─── DATA EXCERPTS ───
(* Let $s\ge 1$, let $1\le p\le\infty$, and let $d^p$ be the $\ell^p$-votewise distance built from any family of maps $d_C:L(C)\times L(C)\to[0,\infty)$ satisfying $d_C(\rho,\rho)=0$ and the triangle inequality. Then $\mathcal R(\mathrm{Unam}^s,d^p)$ is homogeneous: $\mathcal R(\mathrm{Unam}^s,d^p)(E)=\mathcal R(\mathrm{Unam}^s,d^p)(E')$ whenever $E\sim_H E'$.
   Context: Elections: $E=(C,V,\pi)$ with $C$ a finite subset of a countably infinite set $C^*$, $V$ a finite nonempty subset of a countably infinite set $V^*$, $\pi:V\to L(C)$ ($L(C)$ = strict linear orders of $C$, $L_s(C)$ = strict linear orders of $s$ distinct elements of $C$). Homogeneity relation $\sim_H$: same candidate set $C$ and $|\pi^{-1}(\rho)|/|V|=|\pi'^{-1}(\rho)|/|V'|$ for all $\rho\in L(C)$. $\mathrm{Unam}^s$ is the $s$-consensus whose domain consists of the elections with $|C|\ge s$ in which all voters rank the same $s$ candidates, in the same order, in their top $s$ positions, the consensus value being this common $s$-ranking; $\mathrm{Unam}^s_r$ is the set of elections with value $r$. Votewise $\ell^p$ distance: fix an enumeration of $V^*$; for $E=(C,V,\pi),E'=(C,V,\pi')$ with $V=\{v_1<\dots<v_n\}$, $d^p(E,E')=\|(d_C(\pi(v_1),\pi'(v_1)),\dots,d_C(\pi(v_n),\pi'(v_n)))\|_p$, and $d^p(E,E')=\infty$ if the candidate sets or voter sets differ. $d(E,A)=\inf_{F\in A}d(E,F)$ ($\infty$ if $A=\emptyset$); $\mathcal R(\mathcal K,d)(E)$ is the set of $r\in L_s(C^* )$ with $d(E,\mathcal K_r)=\inf_{r'\in L_s(C^* )}d(E,\mathcal K_{r'})$. *)

From Stdlib Require Import Bool Reals Lra List Permutation Sorted Arith ClassicalEpsilon.
Import ListNotations.
Open Scope R_scope.

(** Candidates C* = nat, voters V* = nat - countably infinite; the fixed
    enumeration of V* is the usual order on nat. *)

(** Extended nonnegative reals [0, +oo] (values of distances), also used for p. *)
Inductive ER : Type := Fin (x : R) | PInf.

Definition ER_le (x y : ER) : Prop :=
  match x, y with
  | Fin a, Fin b => a <= b
  | _, PInf => True
  | PInf, Fin _ => False
  end.

Definition is_glb_ER (S : ER -> Prop) (x : ER) : Prop :=
  (forall y, S y -> ER_le x y) /\
  (forall z, (forall y, S y -> ER_le z y) -> ER_le z x).

(** infimum (chosen glb; it exists for every set of nonnegative values,
    and the infimum of the empty set is +oo). *)
Definition ER_inf (S : ER -> Prop) : ER :=
  epsilon (inhabits PInf) (fun x => is_glb_ER S x).

(** A finite set of candidates/voters is represented canonically as a
    strictly increasing list. *)
Definition fin_set (C : list nat) : Prop := Sorted lt C.

(** strict linear order of C (ranking, best first) *)
Definition is_ranking (C : list nat) (rho : list nat) : Prop :=
  NoDup rho /\ Permutation rho C.

(** element of L_s over C-star: a strict linear order of s distinct candidates *)
Definition is_srank (s : nat) (r : list nat) : Prop :=
  NoDup r /\ length r = s.

Record election : Type := Election {
  cands : list nat;
  voters : list nat;
  prof : nat -> list nat }.

Definition valid_election (E : election) : Prop :=
  fin_set (cands E) /\ fin_set (voters E) /\ voters E <> [] /\
  (forall v, In v (voters E) -> is_ranking (cands E) (prof E v)).

Definition list_eqb (a b : list nat) : bool :=
  if list_eq_dec Nat.eq_dec a b then true else false.

Definition count_votes (E : election) (rho : list nat) : nat :=
  length (filter (fun v => list_eqb (prof E v) rho) (voters E)).

Definition homog (E E' : election) : Prop :=
  cands E = cands E' /\
  forall rho, is_ranking (cands E) rho ->
    INR (count_votes E rho) / INR (length (voters E)) =
    INR (count_votes E' rho) / INR (length (voters E')).

Definition Unam (s : nat) (r : list nat) (E : election) : Prop :=
  valid_election E /\ (s <= length (cands E))%nat /\
  forall v, In v (voters E) -> firstn s (prof E v) = r.

(** power x^y for x >= 0 with 0^y = 0 *)
Definition rpow (x y : R) : R := if Rle_dec x 0 then 0 else Rpower x y.

Definition lp_norm (p : ER) (xs : list R) : R :=
  match p with
  | Fin q => rpow (fold_right Rplus 0 (map (fun x => rpow (Rabs x) q) xs)) (/ q)
  | PInf => fold_right Rmax 0 (map Rabs xs)
  end.

(** family of distances d_C on L(C) *)
Definition dist_family := list nat -> list nat -> list nat -> R.

Definition is_pseudo_dist_family (d : dist_family) : Prop :=
  forall C, fin_set C ->
    (forall a b, is_ranking C a -> is_ranking C b -> 0 <= d C a b) /\
    (forall a, is_ranking C a -> d C a a = 0) /\
    (forall a b c, is_ranking C a -> is_ranking C b -> is_ranking C c ->
        d C a c <= d C a b + d C b c).

Definition votewise (d : dist_family) (p : ER) (E F : election) : ER :=
  if andb (list_eqb (cands E) (cands F)) (list_eqb (voters E) (voters F)) then
    Fin (lp_norm p (map (fun v => d (cands E) (prof E v) (prof F v)) (voters E)))
  else PInf.

Definition dist_to (D : election -> election -> ER) (E : election)
    (A : election -> Prop) : ER :=
  ER_inf (fun x => exists F, A F /\ x = D E F).

(** R(Unam^s, d)(E) as a predicate on L_s over C-star *)
Definition R_Unam (s : nat) (D : election -> election -> ER) (E : election)
    (r : list nat) : Prop :=
  is_srank s r /\
  dist_to D E (Unam s r) =
  ER_inf (fun x => exists r', is_srank s r' /\ x = dist_to D E (Unam s r')).

From Stdlib Require Import Reals List Lra Lia Permutation.
From Stdlib Require Import ClassicalEpsilon Classical FunctionalExtensionality.
Import ListNotations.
Open Scope R_scope.

(** Each voter can be moved independently to a closest ranking whose top
    segment is [r], so [d(E, Unam^s_r)] is the [l^p] norm of [h (pi v)] over
    the voters, for a function [h] of the ballot alone.  Such a norm sees the
    profile only through the ballot frequencies, up to the factor
    [(|V'|/|V|)^(1/p)] (or [1] when [p = oo]).  Hence for [E ~_H E'] the map
    [r |-> d(E', Unam^s_r)] is a positive multiple of [r |-> d(E, Unam^s_r)],
    and the two maps have the same minimisers. *)

Local Notation sumR l := (fold_right Rplus 0 l).
Local Notation maxR l := (fold_right Rmax 0 l).

Lemma list_eqb_eq a b : list_eqb a b = true <-> a = b.
Proof. unfold list_eqb; destruct (list_eq_dec Nat.eq_dec a b); split; congruence. Qed.

Lemma list_eqb_refl a : list_eqb a a = true.
Proof. apply list_eqb_eq; reflexivity. Qed.

Lemma ER_le_antisym x y : ER_le x y -> ER_le y x -> x = y.
Proof. destruct x, y; simpl; intros; try contradiction; auto. f_equal; lra. Qed.

Lemma ER_inf_glb S g : is_glb_ER S g -> ER_inf S = g.
Proof.
  intros Hg. unfold ER_inf.
  destruct (epsilon_spec (inhabits PInf) (is_glb_ER S) (ex_intro _ g Hg)) as [He1 He2].
  destruct Hg as [Hg1 Hg2].
  apply ER_le_antisym; [apply Hg2 | apply He2]; assumption.
Qed.

Lemma is_glb_ER_exists S m : (forall x, S (Fin x) -> m <= x) -> exists g, is_glb_ER S g.
Proof.
  intros Hm.
  destruct (classic (exists a, S (Fin a))) as [[a0 Ha0] | Hfin].
  - assert (Hbound : bound (fun y => S (Fin (- y)))).
    { exists (- m). intros y Hy. apply Hm in Hy. lra. }
    assert (Hne : exists y, S (Fin (- y))).
    { exists (- a0). rewrite Ropp_involutive. exact Ha0. }
    destruct (completeness _ Hbound Hne) as [l [Hub Hlub]].
    exists (Fin (- l)). split.
    + intros [a|] Ha; simpl; auto.
      assert (- a <= l) by (apply Hub; rewrite Ropp_involutive; exact Ha). lra.
    + intros [b|] Hz; simpl.
      * assert (l <= - b); [|lra].
        apply Hlub. intros y Hy. specialize (Hz _ Hy). simpl in Hz. lra.
      * exact (Hz _ Ha0).
  - exists PInf. split.
    + intros [a|] Ha; simpl; auto. apply Hfin; eauto.
    + intros [b|] _; simpl; auto.
Qed.

Lemma ER_inf_is_glb S m : (forall x, S (Fin x) -> m <= x) -> is_glb_ER S (ER_inf S).
Proof.
  intros Hm. destruct (is_glb_ER_exists S m Hm) as [g Hg].
  rewrite (ER_inf_glb S g Hg). exact Hg.
Qed.

Lemma ER_inf_nonneg S : (forall y, S y -> ER_le (Fin 0) y) -> ER_le (Fin 0) (ER_inf S).
Proof.
  intros H. apply (ER_inf_is_glb S 0); [|exact H].
  intros x Hx. exact (H _ Hx).
Qed.

Definition ER_scale (c : R) (x : ER) : ER :=
  match x with Fin a => Fin (c * a) | PInf => PInf end.

Lemma ER_scale_le c x y : 0 < c -> ER_le (ER_scale c x) (ER_scale c y) <-> ER_le x y.
Proof.
  intros Hc. destruct x, y; simpl; try tauto. split; intros H.
  - apply Rmult_le_reg_l with c; assumption.
  - apply Rmult_le_compat_l; lra.
Qed.

Lemma ER_scale_inv c x : 0 < c -> ER_scale (/ c) (ER_scale c x) = x.
Proof. intros Hc. destruct x; simpl; auto. f_equal. field. lra. Qed.

Lemma ER_scale_inv_r c x : 0 < c -> ER_scale c (ER_scale (/ c) x) = x.
Proof. intros Hc. destruct x; simpl; auto. f_equal. field. lra. Qed.

Lemma ER_scale_inj c x y : 0 < c -> ER_scale c x = ER_scale c y -> x = y.
Proof. intros Hc H. rewrite <- (ER_scale_inv c x), <- (ER_scale_inv c y), H; auto. Qed.

Lemma ER_inf_scale {A} (P : A -> Prop) (f : A -> ER) c : 0 < c ->
  (forall a, P a -> ER_le (Fin 0) (f a)) ->
  ER_inf (fun x => exists a, P a /\ x = ER_scale c (f a)) =
  ER_scale c (ER_inf (fun x => exists a, P a /\ x = f a)).
Proof.
  intros Hc Hf. apply ER_inf_glb.
  destruct (ER_inf_is_glb (fun x => exists a, P a /\ x = f a) 0) as [Hlow Hgreat].
  { intros x [a [Ha Hx]]. specialize (Hf a Ha). rewrite <- Hx in Hf. exact Hf. }
  split.
  - intros y [a [Ha ->]]. apply ER_scale_le; auto. apply Hlow. eauto.
  - intros z Hz. rewrite <- (ER_scale_inv_r c z Hc). apply ER_scale_le; auto.
    apply Hgreat. intros y [a [Ha ->]]. apply (ER_scale_le c); auto.
    rewrite ER_scale_inv_r by exact Hc. apply Hz. eauto.
Qed.

Lemma argmin_ER_scale {A} (P : A -> Prop) (f g : A -> ER) c a : 0 < c ->
  (forall a, P a -> ER_le (Fin 0) (f a)) -> (forall a, g a = ER_scale c (f a)) ->
  f a = ER_inf (fun x => exists a', P a' /\ x = f a') <->
  g a = ER_inf (fun x => exists a', P a' /\ x = g a').
Proof.
  intros Hc Hf Hg.
  replace g with (fun a => ER_scale c (f a)) by (extensionality b; symmetry; apply Hg).
  rewrite ER_inf_scale by assumption.
  split; intros H; [rewrite H; reflexivity | exact (ER_scale_inj c _ _ Hc H)].
Qed.

Lemma rpow_nonneg x y : 0 <= rpow x y.
Proof. unfold rpow, Rpower. destruct (Rle_dec x 0); [lra | left; apply exp_pos]. Qed.

Lemma rpow_pos x y : 0 < x -> 0 < rpow x y.
Proof. intros Hx. unfold rpow, Rpower. destruct (Rle_dec x 0); [lra | apply exp_pos]. Qed.

Lemma rpow_le x y e : 0 < e -> x <= y -> rpow x e <= rpow y e.
Proof.
  intros He Hxy. destruct (Rle_dec y 0) as [Hy|Hy].
  - unfold rpow. destruct (Rle_dec x 0), (Rle_dec y 0); lra.
  - destruct (Rle_dec x 0) as [Hx|Hx].
    + unfold rpow at 1. destruct (Rle_dec x 0); [apply rpow_nonneg | lra].
    + unfold rpow. destruct (Rle_dec x 0), (Rle_dec y 0); try lra.
      apply Rle_Rpower_l; lra.
Qed.

Lemma rpow_mult k x e : 0 < k -> 0 <= x -> rpow (k * x) e = rpow k e * rpow x e.
Proof.
  intros Hk Hx. destruct (Req_dec x 0) as [->|Hx0].
  - rewrite Rmult_0_r. unfold rpow at 1 3. destruct (Rle_dec 0 0); [ring | lra].
  - assert (Hkx : 0 < k * x) by (apply Rmult_lt_0_compat; lra).
    unfold rpow. destruct (Rle_dec (k * x) 0), (Rle_dec k 0), (Rle_dec x 0); try lra.
    rewrite Rpower_mult_distr; lra.
Qed.

Lemma sumR_nonneg {A} (f : A -> R) l :
  (forall x, In x l -> 0 <= f x) -> 0 <= sumR (map f l).
Proof.
  induction l as [|a l IH]; simpl; intros H; [lra|].
  pose proof (H a (or_introl eq_refl)). pose proof (IH (fun x Hx => H x (or_intror Hx))). lra.
Qed.

Lemma sumR_le {A} (f g : A -> R) l :
  (forall x, In x l -> f x <= g x) -> sumR (map f l) <= sumR (map g l).
Proof.
  induction l as [|a l IH]; simpl; intros H; [lra|].
  pose proof (H a (or_introl eq_refl)). pose proof (IH (fun x Hx => H x (or_intror Hx))). lra.
Qed.

Lemma sumR_plus {A} (f g : A -> R) l :
  sumR (map (fun x => f x + g x) l) = sumR (map f l) + sumR (map g l).
Proof. induction l as [|a l IH]; simpl; [ring | rewrite IH; ring]. Qed.

Lemma sumR_scal {A} (f : A -> R) k l :
  sumR (map (fun x => k * f x) l) = k * sumR (map f l).
Proof. induction l as [|a l IH]; simpl; [ring | rewrite IH; ring]. Qed.

Lemma maxR_ub l x : In x l -> x <= maxR l.
Proof.
  induction l as [|a l IH]; simpl; [tauto|]. intros [<-|Hx].
  - apply Rmax_l.
  - eapply Rle_trans; [apply IH, Hx | apply Rmax_r].
Qed.

Lemma maxR_lub l M : 0 <= M -> (forall x, In x l -> x <= M) -> maxR l <= M.
Proof.
  induction l as [|a l IH]; simpl; intros HM H; [exact HM|].
  apply Rmax_lub; [apply H; left; reflexivity | apply IH; auto].
Qed.

Lemma maxR_nonneg l : 0 <= maxR l.
Proof. induction l as [|a l IH]; simpl; [lra | eapply Rle_trans; [exact IH | apply Rmax_r]]. Qed.

Lemma lp_norm_nonneg p xs : 0 <= lp_norm p xs.
Proof. destruct p; simpl; [apply rpow_nonneg | apply maxR_nonneg]. Qed.
(* Let $X$ be a graph with real symmetric Hamiltonian $M$ whose entries are algebraic integers, with spectral decomposition $M=\sum_\lambda\lambda E_\lambda$. Suppose perfect state transfer occurs from vertex $a$ to vertex $\alpha\neq a$ at time $\tau$, and that a vertex $v\notin\{a,\alpha\}$ is periodic at time $\tau$. Let $s\in\mathbb{Q}\setminus\{0\}$. Then perfect state transfer occurs from $\mathbf e_a+s\mathbf e_v$ to $\mathbf e_\alpha+s\mathbf e_v$ at time $\tau$ if and only if there exist $\lambda\in\Phi^+_{\mathbf e_a,\mathbf e_\alpha}$ and $\lambda'\in\Phi_{\mathbf e_v}$ such that $\lambda\tau\equiv\lambda'\tau\pmod{2\pi}$.
   Context: $U(t)=e^{-\mathrm{i}tM}$. Perfect state transfer from $\mathbf u$ to $\boldsymbol\mu$ at time $\tau$: $U(\tau)\mathbf u=\eta\boldsymbol\mu$ with $|\eta|=1$; vertex $v$ is periodic at $\tau$ if $U(\tau)\mathbf e_v=\eta\mathbf e_v$ with $|\eta|=1$. $\Phi_{\mathbf v}=\{\lambda:E_\lambda\mathbf v\neq\mathbf 0\}$ is the eigenvalue support, and $\Phi^+_{\mathbf e_a,\mathbf e_\alpha}=\{\lambda: E_\lambda\mathbf e_a=E_\lambda\mathbf e_\alpha\neq\mathbf 0\}$. *)

From HB Require Import structures.
From mathcomp Require Import all_boot all_order all_algebra.
From mathcomp Require Import all_classical all_reals all_analysis.
Set Implicit Arguments. Unset Strict Implicit. Unset Printing Implicit Defensive.
Import Order.TTheory GRing.Theory Num.Theory.
Import numFieldNormedType.Exports.
Local Open Scope ring_scope.

Section Defs.
Variable R : realType.
Variable n : nat.

Definition algebraic_integer (x : R) : Prop :=
  exists p : {poly int}, p \is monic /\ root (map_poly intr p) x.

(* Matrix exponential U(t) = exp(-i t M) = C(t) - i S(t), where
   C(t) = sum_k (-1)^k t^(2k)/(2k)! M^(2k)   and
   S(t) = sum_k (-1)^k t^(2k+1)/(2k+1)! M^(2k+1)
   (real and minus-imaginary parts of the exponential power series),
   defined entrywise as limits of the partial sums. *)
Definition cos_partial (M : 'M[R]_n) (t : R) (N : nat) : 'M[R]_n :=
  \sum_(k < N) (((-1) ^+ k * t ^+ (2 * k)) / ((2 * k)`!)%:R) *: (M ^+ (2 * k)).
Definition sin_partial (M : 'M[R]_n) (t : R) (N : nat) : 'M[R]_n :=
  \sum_(k < N) (((-1) ^+ k * t ^+ (2 * k).+1) / ((2 * k).+1`!)%:R) *: (M ^+ (2 * k).+1).

Definition Ucos (M : 'M[R]_n) (t : R) : 'M[R]_n :=
  \matrix_(i, j) limn (fun N : nat => (cos_partial M t N i j : R^o)).
Definition Usin (M : 'M[R]_n) (t : R) : 'M[R]_n :=
  \matrix_(i, j) limn (fun N : nat => (sin_partial M t N i j : R^o)).

(* Perfect state transfer from real vector u to real vector mu at time tau:
   U(tau) u = eta mu with eta = c + i d, |eta| = 1.  Since U = Ucos - i Usin and
   u, mu are real, this is Ucos u = c mu and - Usin u = d mu. *)
Definition pst (M : 'M[R]_n) (u mu : 'cV[R]_n) (tau : R) : Prop :=
  exists c d : R, c ^+ 2 + d ^+ 2 = 1 /\
    Ucos M tau *m u = c *: mu /\ - (Usin M tau *m u) = d *: mu.

Definition evec (a : 'I_n) : 'cV[R]_n := delta_mx a 0.

Definition periodic_vertex (M : 'M[R]_n) (v : 'I_n) (tau : R) : Prop :=
  pst M (evec v) (evec v) tau.

Definition spectral_decomposition (M : 'M[R]_n) (m : nat)
    (theta : 'I_m -> R) (E : 'I_m -> 'M[R]_n) : Prop :=
  injective theta /\
  (forall j, E j != 0) /\
  (forall j k, E j *m E k = if j == k then E j else 0) /\
  \sum_(j < m) E j = 1%:M /\
  M = \sum_(j < m) theta j *: E j.

End Defs.

From HB Require Import structures.
From mathcomp Require Import all_boot all_order all_algebra.
From mathcomp Require Import all_classical all_reals all_analysis.
From mathcomp Require Import ring lra.
Set Implicit Arguments.
Unset Strict Implicit.
Import Order.TTheory GRing.Theory Num.Theory.
Import numFieldNormedType.Exports.
Local Open Scope ring_scope.
Local Open Scope classical_set_scope.

(* In the spectral basis U(tau) = cos(tau M) - i sin(tau M) acts on the range of
   E_j as the phase e^{-i theta_j tau}.  Projecting U(tau) e_a = eta e_alpha onto
   E_j shows that eta = e^{-i theta_j tau} whenever E_j e_a = E_j e_alpha <> 0, and
   that otherwise E_j e_alpha = - E_j e_a; as the E_j e_alpha add up to e_alpha, some
   j of the first kind exists.  Likewise the phase of the periodic vertex v is
   e^{-i theta_j' tau} for every j' in its eigenvalue support.  By linearity and the
   independence of e_alpha and e_v, transfer from e_a + s e_v to e_alpha + s e_v
   happens iff these two phases coincide, i.e. iff theta_j tau = theta_j' tau
   modulo 2 pi. *)

Lemma limn_mx_comb (R : realType) (n m : nat) (A : 'I_m -> 'M[R]_n)
    (f : 'I_m -> nat -> R) (g : 'I_m -> R) :
  (forall j, f j @ \oo --> g j) ->
  \matrix_(i, l) limn (fun N => ((\sum_j f j N *: A j) i l : R^o)) =
  \sum_j g j *: A j.
Proof.
move=> f_cvg; apply/matrixP => i l; rewrite !mxE summxE.
under eq_bigr do rewrite mxE.
apply: cvg_lim => //.
have -> : (fun N => ((\sum_j f j N *: A j) i l : R^o)) =
    (fun N => \sum_j f j N * A j i l).
  by apply/funext => N; rewrite summxE; under eq_bigr do rewrite mxE.
apply: (cvg_big (op := +%R) (x0 := 0) (P := xpredT) add_continuous) => j _.
exact: cvgMr_tmp.
Qed.

Lemma periodicz (U V : zmodType) (f : U -> V) (T : U) :
  periodic f T -> forall (k : int) a, f (a + T *~ k) = f a.
Proof.
move=> fT [] p a; first by rewrite -pmulrn periodicn.
by rewrite NegzE mulrNz -pmulrn -[in RHS](subrK (T *+ p.+1) a) periodicn.
Qed.

Section Trigonometry.
Variable R : realType.

Lemma cos_eq1 (x : R) : cos x = 1 -> exists k : int, x = k%:~R * (2 * pi).
Proof.
move=> cx1; have pi2_gt0 : 0 < 2 * pi :> R by rewrite mulr_gt0 ?pi_gt0.
pose k := Num.floor (x / (2 * pi)); exists k; apply/eqP; rewrite -subr_eq0; apply/eqP.
set w := x - _.
have cw1 : cos w = 1.
  by rewrite /w -mulNr -intrN mulrzl mulr_natl periodicz ?cx1 //; exact: cosD2pi.
set q := x / (2 * pi).
have xE : x = q * (2 * pi) by rewrite divfK ?gt_eqF.
have k_le : k%:~R <= q := floor_le q.
have k_gt : q < k%:~R + 1 by have := real_floorD1_gt (num_real q); rewrite intrD.
have cos_eq1_0pi (y : R) : 0 <= y <= pi -> cos y = 1 -> y = 0.
  move=> y0pi cy1; apply: cos_inj; rewrite ?cos0 // !in_itv /= ?lexx ?pi_ge0 //.
have w_ge0 : 0 <= w by rewrite /w; nra.
have w_lt : w < 2 * pi by rewrite /w; nra.
have [w_le|w_gt] := lerP w pi; first by apply: cos_eq1_0pi => //; rewrite w_ge0.
have : 2 * pi - w = 0.
  apply: cos_eq1_0pi; first by apply/andP; split; lra.
  by rewrite mulr_natl addrC -[RHS]cw1 -[cos w]cosN; exact: cosD2pi.
lra.
Qed.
───
[TASK OBJECTIVE] Scan the listing above for the word "PInf" and copy every line that holds it.

[EXERCISE RESULT]
Inductive ER : Type := Fin (x : R) | PInf.
  | _, PInf => True
  | PInf, Fin _ => False
  epsilon (inhabits PInf) (fun x => is_glb_ER S x).
  | PInf => fold_right Rmax 0 (map Rabs xs)
  else PInf.
  destruct (epsilon_spec (inhabits PInf) (is_glb_ER S) (ex_intro _ g Hg)) as [He1 He2].
  - exists PInf. split.
  match x with Fin a => Fin (c * a) | PInf => PInf end.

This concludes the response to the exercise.